→ **Task instructions**
Gather every line below where "replace" appears.

→ **Exercise data**

Lemma mass_conserved (t : R) : 0 < t -> Rbar_lt t T ->
  RInt (fun s => s ^ k * u (clamp Rr s) t) 0 Rr = RInt (fun s => s ^ k * u s 0) 0 Rr.
Proof.
  intros Ht HtT.
  destruct (MVT_gen (fun tau => RInt (fun s => s ^ k * u (clamp Rr s) (Rmax 0 tau)) 0 Rr)
              0 t (fun _ => 0)) as [c [_ Hc]].
  - intros y Hy. rewrite Rmin_left, Rmax_right in Hy by lra.
    apply mass_is_derive; [lra|apply (Rbar_lt_le_trans_R y t); auto; lra].
  - intros y Hy. rewrite Rmin_left, Rmax_right in Hy by lra.
    destruct (Req_dec y 0) as [->|Hy0]; [exact mass_continuous_0|].
    apply (continuity_pt_of_is_derive _ _ 0), mass_is_derive;
      [lra|apply (Rbar_lt_le_trans_R y t); auto; lra].
  - cbv beta in Hc. rewrite (Rmax_right 0 t), (Rmax_left 0 0) in Hc by lra.
    rewrite <- (RInt_ext (fun s => s ^ k * u (clamp Rr s) 0) (fun s => s ^ k * u s 0));
      [lra|].
    intros s Hs. rewrite Rmin_left, Rmax_right in Hs by lra. rewrite clamp_id by lra.
    reflexivity.
Qed.

Lemma mean_radial_conserved (u0 : R -> R) (t : R) :
  (forall r, - Rr <= r <= Rr -> u r 0 = u0 r) -> 0 < t -> Rbar_lt t T ->
  mean_radial (S k) Rr u0
  = INR (S k) / Rr ^ S k * RInt (fun s => s ^ k * u (clamp Rr s) t) 0 Rr.
Proof.
  intros Hinit Ht HtT. unfold mean_radial. replace (S k - 1)%nat with k by lia.
  rewrite (mass_conserved t Ht HtT). f_equal. apply RInt_ext. intros s Hs.
  rewrite Rmin_left, Rmax_right in Hs by lra. rewrite Hinit by lra. reflexivity.
Qed.

End MassConservation.

Theorem lemma2p5 (n : nat) (Rr chi : R) (u0 : R -> R) (Tmax : Rbar)
    (u v : R -> R -> R) :
  (1 <= n)%nat -> 0 < Rr -> 0 < chi ->
  (* initial datum: radial, C^3, positive on the closed ball, Neumann *)
  (forall r, u0 (- r) = u0 r) ->
  C3_on Rr u0 ->
  (forall r, - Rr <= r <= Rr -> 0 < u0 r) ->
  Derive u0 Rr = 0 ->
  Rbar_lt 0 Tmax ->
  radial_classical_solution n Rr chi u0 Tmax u v ->
  forall t r, 0 < t -> Rbar_lt t Tmax -> 0 < r < Rr ->
    let mu := mean_radial n Rr u0 in
    - (mu * Rr ^ n / INR n) * / r ^ (n - 1) <= d_r v r t <= mu / INR n * r /\
    Rbar_le (Rabs (d_r v r t))
            (Rbar_mult (Linf_norm Rr (fun s => u s t)) (r / INR n)) /\
    Rbar_le (Rabs (d_r (d_r v) r t)) (Linf_norm Rr (fun s => u s t)).
Proof.
  intros Hn HRr _ _ _ _ _ HT Hsol t r Ht HtT Hr mu.
  destruct n as [|k]; [lia|].
  destruct Hsol as [Hev [HC21 [HC20 [Hpos [Hfl [Hveq [Hbc Hinit]]]]]]].
  replace (S k - 1)%nat with k in * by lia.
  assert (Qt : forall s, - Rr <= s <= Rr -> Qcl Rr Tmax (s, t))
    by (intros s Hs; repeat split; simpl; try lra; assumption).
  assert (Hmass : mu = INR (S k) / Rr ^ S k * RInt (fun s => s ^ k * u (clamp Rr s) t) 0 Rr)
    by exact (mean_radial_conserved k Rr chi Tmax u v HRr HT Hev HC21 HC20
                (fun r t H => proj1 (Hpos r t H)) Hfl Hbc u0 t Hinit Ht HtT).
  assert (Hprofile : forall s, continuity_pt (fun s => u (clamp Rr s) t) s)
    by (intros s; apply (continuity_pt_clamp_slice Rr Tmax); first [lra | assumption | apply HC21]).
  pose (W := fun s => v s t).
  assert (HW : forall s, - Rr <= s <= Rr -> ex_derive W s /\ ex_derive (Derive W) s)
    by (intros s Hs; exact (proj1 HC20 s t (Qt s Hs))).
  assert (HWeven : forall s, W (- s) = W s) by (intros s; apply Hev).
  assert (Hupos : forall s, 0 < s < Rr -> 0 < u s t) by (intros s Hs; apply Hpos, Qt; lra).
  assert (HWeq : forall s, 0 < s < Rr ->
            0 = Derive (Derive W) s + INR k / s * Derive W s - mu + u s t)
    by (intros s Hs; apply Hveq; assumption).
  split.
  - apply (radial_gradient_bounds k Rr mu (fun s => u s t) W); assumption.
  - apply (radial_Linf_bounds k Rr mu (fun s => u s t) W); assumption.
Qed.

→ **Output for this task**
  intros Hinit Ht HtT. unfold mean_radial. replace (S k - 1)%nat with k by lia.
  replace (S k - 1)%nat with k in * by lia.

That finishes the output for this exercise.